• _DATA EXTRACTS_
↓
(* Let $M\in\mathbb{R}^{n\times n}$ be symmetric with eigenvalues ordered so that $|\lambda_1|\ge|\lambda_2|\ge\cdots$, where $\lambda=\lambda_1>0$ and $\lambda_1>|\lambda_2|$. Let $u$ be the unit leading eigenvector and $l_2=|\lambda_2|/\lambda$. Let $0<\theta\le\frac1{40}(1-l_2)^{3/2}$, and let $Q\in\mathbb{R}^{n\times n}$ satisfy $\|Q-M\|_2\le\theta\|M\|_2$. Let $\nu\le1/20$, and let $x,x'\in\mathbb{R}^n$ satisfy: - $\|x\|=\|x'\|=1$; - $\langle u,x\rangle\ge0$ and $\langle u,x'\rangle\ge0$; - $\|\mathcal P_{u_\perp}(x)\|\le\nu$ and $\|\mathcal P_{u_\perp}(x')\|\le\nu$. Put $z=\mathcal P_{u_\perp}(x)$ and $z'=\mathcal P_{u_\perp}(x')$. Then $$\Big\|\mathcal P_{u_\perp}\Big(\frac{Qx}{\|Qx\|}-\frac{Qx'}{\|Qx'\|}\Big)\Big\|\le\big(l_2(1+3\nu^2)+3\theta\big)\|z-z'\|$$ and $$\Big\|\mathcal P_{u}\Big(\frac{Qx}{\|Qx\|}-\frac{Qx'}{\|Qx'\|}\Big)\Big\|\le(4\nu+4\theta)\|z-z'\|.$$
   Context: $\mathcal P_u$ denotes the orthogonal projector onto the span of $u$, and $\mathcal P_{u_\perp}$ the orthogonal projector onto its orthogonal complement. $\|\cdot\|_2$ is the operator norm. *)

From mathcomp Require Import all_boot all_order all_algebra.
From mathcomp Require Import classical_sets reals exp.
Set Implicit Arguments. Unset Strict Implicit. Unset Printing Implicit Defensive.
Import Order.TTheory GRing.Theory Num.Theory.
Local Open Scope ring_scope.
Local Open Scope classical_set_scope.

Section Defs.
Variable R : realType.

Definition dotv n (x y : 'cV[R]_n) : R := (x^T *m y) ord0 ord0.
Definition vnorm n (x : 'cV[R]_n) : R := Num.sqrt (dotv x x).

(* orthogonal projector onto span(u) and onto its orthogonal complement
   (u is assumed to be a unit vector wherever these are used) *)
Definition proj_u n (u x : 'cV[R]_n) : 'cV[R]_n := dotv u x *: u.
Definition proj_uperp n (u x : 'cV[R]_n) : 'cV[R]_n := x - proj_u u x.

Definition opnorm n (A : 'M[R]_n) : R :=
  sup [set vnorm (A *m v) | v in [set v : 'cV[R]_n | vnorm v = 1]].

Definition sorted_eigendecomp n (M P : 'M[R]_n) (d : 'rV[R]_n) : Prop :=
  P^T *m P = 1%:M /\ M = P *m diag_mx d *m P^T /\
  (forall i j : 'I_n, (i <= j)%N -> `|d ord0 j| <= `|d ord0 i|).
End Defs.

From mathcomp Require Import all_boot all_order all_algebra.
From mathcomp Require Import classical_sets reals exp.
From mathcomp Require Import ring lra.
Import Order.TTheory GRing.Theory Num.Theory.
Local Open Scope ring_scope.
Set Implicit Arguments. Unset Strict Implicit. Unset Printing Implicit Defensive.

(* Write [Q = M + E], so that [|E v| <= th La |v|] with [La] the top eigenvalue,
   and put [y = Q x], [r = |y|] (similarly for [x']); then
   [Qx/|Qx| - Qx'/|Qx'| = (y - y')/r + (1/r - 1/r') y'].
   [M] commutes with the projection onto [u_perp] and has norm [l2 La] there, so
   the [u_perp]-part of [y - y'] is at most [l2 La |z - z'|] up to [E]-terms,
   while its [u]-part is [La (<u,x> - <u,x'>)], which is [O(nu) |z - z'|] since
   [<u,x>^2 = 1 - |z|^2].  For the gap [r - r'] expand
   [r^2 - r'^2 = <y - y', y + y'>]: as [|x| = |x'|], its [M]-part is minus the
   Gram defect [La^2 <v,w> - <Mv,Mw>] at [(x - x', x + x')]; this positive
   semidefinite form ignores [u]-components, so Cauchy-Schwarz bounds it by
   [La^2 |z - z'| |z + z'| <= 2 nu La^2 |z - z'|].  Finally
   [r, r' >= La (1 - nu^2 - th)], and the constants follow from [nu <= 1/20] and
   [th <= 1/40], the only consequence of the hypothesis on [theta] that is used. *)

Section EuclideanSpace.
Variables (R : realType) (k : nat).
Implicit Types (x y z : 'cV[R]_k) (A : 'M[R]_k).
↑
• _HOW TO COMPLETE THIS TASK_
Retype each record. Keep every character as it is.

• _PROBLEM SOLUTION_
(* Let $M\in\mathbb{R}^{n\times n}$ be symmetric with eigenvalues ordered so that $|\lambda_1|\ge|\lambda_2|\ge\cdots$, where $\lambda=\lambda_1>0$ and $\lambda_1>|\lambda_2|$. Let $u$ be the unit leading eigenvector and $l_2=|\lambda_2|/\lambda$. Let $0<\theta\le\frac1{40}(1-l_2)^{3/2}$, and let $Q\in\mathbb{R}^{n\times n}$ satisfy $\|Q-M\|_2\le\theta\|M\|_2$. Let $\nu\le1/20$, and let $x,x'\in\mathbb{R}^n$ satisfy: - $\|x\|=\|x'\|=1$; - $\langle u,x\rangle\ge0$ and $\langle u,x'\rangle\ge0$; - $\|\mathcal P_{u_\perp}(x)\|\le\nu$ and $\|\mathcal P_{u_\perp}(x')\|\le\nu$. Put $z=\mathcal P_{u_\perp}(x)$ and $z'=\mathcal P_{u_\perp}(x')$. Then $$\Big\|\mathcal P_{u_\perp}\Big(\frac{Qx}{\|Qx\|}-\frac{Qx'}{\|Qx'\|}\Big)\Big\|\le\big(l_2(1+3\nu^2)+3\theta\big)\|z-z'\|$$ and $$\Big\|\mathcal P_{u}\Big(\frac{Qx}{\|Qx\|}-\frac{Qx'}{\|Qx'\|}\Big)\Big\|\le(4\nu+4\theta)\|z-z'\|.$$
   Context: $\mathcal P_u$ denotes the orthogonal projector onto the span of $u$, and $\mathcal P_{u_\perp}$ the orthogonal projector onto its orthogonal complement. $\|\cdot\|_2$ is the operator norm. *)

From mathcomp Require Import all_boot all_order all_algebra.
From mathcomp Require Import classical_sets reals exp.
Set Implicit Arguments. Unset Strict Implicit. Unset Printing Implicit Defensive.
Import Order.TTheory GRing.Theory Num.Theory.
Local Open Scope ring_scope.
Local Open Scope classical_set_scope.

Section Defs.
Variable R : realType.

Definition dotv n (x y : 'cV[R]_n) : R := (x^T *m y) ord0 ord0.
Definition vnorm n (x : 'cV[R]_n) : R := Num.sqrt (dotv x x).

(* orthogonal projector onto span(u) and onto its orthogonal complement
   (u is assumed to be a unit vector wherever these are used) *)
Definition proj_u n (u x : 'cV[R]_n) : 'cV[R]_n := dotv u x *: u.
Definition proj_uperp n (u x : 'cV[R]_n) : 'cV[R]_n := x - proj_u u x.

Definition opnorm n (A : 'M[R]_n) : R :=
  sup [set vnorm (A *m v) | v in [set v : 'cV[R]_n | vnorm v = 1]].

Definition sorted_eigendecomp n (M P : 'M[R]_n) (d : 'rV[R]_n) : Prop :=
  P^T *m P = 1%:M /\ M = P *m diag_mx d *m P^T /\
  (forall i j : 'I_n, (i <= j)%N -> `|d ord0 j| <= `|d ord0 i|).
End Defs.

From mathcomp Require Import all_boot all_order all_algebra.
From mathcomp Require Import classical_sets reals exp.
From mathcomp Require Import ring lra.
Import Order.TTheory GRing.Theory Num.Theory.
Local Open Scope ring_scope.
Set Implicit Arguments. Unset Strict Implicit. Unset Printing Implicit Defensive.

(* Write [Q = M + E], so that [|E v| <= th La |v|] with [La] the top eigenvalue,
   and put [y = Q x], [r = |y|] (similarly for [x']); then
   [Qx/|Qx| - Qx'/|Qx'| = (y - y')/r + (1/r - 1/r') y'].
   [M] commutes with the projection onto [u_perp] and has norm [l2 La] there, so
   the [u_perp]-part of [y - y'] is at most [l2 La |z - z'|] up to [E]-terms,
   while its [u]-part is [La (<u,x> - <u,x'>)], which is [O(nu) |z - z'|] since
   [<u,x>^2 = 1 - |z|^2].  For the gap [r - r'] expand
   [r^2 - r'^2 = <y - y', y + y'>]: as [|x| = |x'|], its [M]-part is minus the
   Gram defect [La^2 <v,w> - <Mv,Mw>] at [(x - x', x + x')]; this positive
   semidefinite form ignores [u]-components, so Cauchy-Schwarz bounds it by
   [La^2 |z - z'| |z + z'| <= 2 nu La^2 |z - z'|].  Finally
   [r, r' >= La (1 - nu^2 - th)], and the constants follow from [nu <= 1/20] and
   [th <= 1/40], the only consequence of the hypothesis on [theta] that is used. *)

Section EuclideanSpace.
Variables (R : realType) (k : nat).
Implicit Types (x y z : 'cV[R]_k) (A : 'M[R]_k).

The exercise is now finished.